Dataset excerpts

-*-

Definition smallest_eigenvalue (R : realType) (n : nat) (A : 'M[R]_n) (l : R) :=
  eigenvalue A l /\ forall m, eigenvalue A m -> l <= m.

Definition dotv (R : realType) (n : nat) (u v : 'rV[R]_n) : R := (u *m v^T) 0 0.

Definition vector_coloring (R : realType) (n : nat) (e : rel 'I_n) (t : R) : Prop :=
  exists u : 'I_n -> 'rV[R]_n,
    (forall i, dotv (u i) (u i) = 1) /\
    (forall i j, e i j -> dotv (u i) (u j) <= - (t - 1)^-1).

Definition strict_vector_coloring (R : realType) (n : nat) (e : rel 'I_n) (t : R) : Prop :=
  exists u : 'I_n -> 'rV[R]_n,
    (forall i, dotv (u i) (u i) = 1) /\
    (forall i j, e i j -> dotv (u i) (u j) = - (t - 1)^-1).

Definition is_least_coloring_number (R : realType) (P : R -> Prop) (t : R) : Prop :=
  2 <= t /\ P t /\ forall s, 2 <= s -> P s -> t <= s.

Definition is_chi_v (R : realType) (n : nat) (e : rel 'I_n) (t : R) : Prop :=
  is_least_coloring_number (vector_coloring e) t.

Definition is_chi_sv (R : realType) (n : nat) (e : rel 'I_n) (t : R) : Prop :=
  is_least_coloring_number (strict_vector_coloring e) t.

From mathcomp Require Import all_boot all_order all_algebra all_fingroup.
From mathcomp Require Import reals complex lra ring.
Set Implicit Arguments. Unset Strict Implicit. Unset Printing Implicit Defensive.
Import Order.TTheory GRing.Theory Num.Theory.
Local Open Scope ring_scope.
Local Open Scope sesquilinear_scope.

-*-

Your answer should be a number only: the count of lines above in which the string "realType" appears.

REPLY
7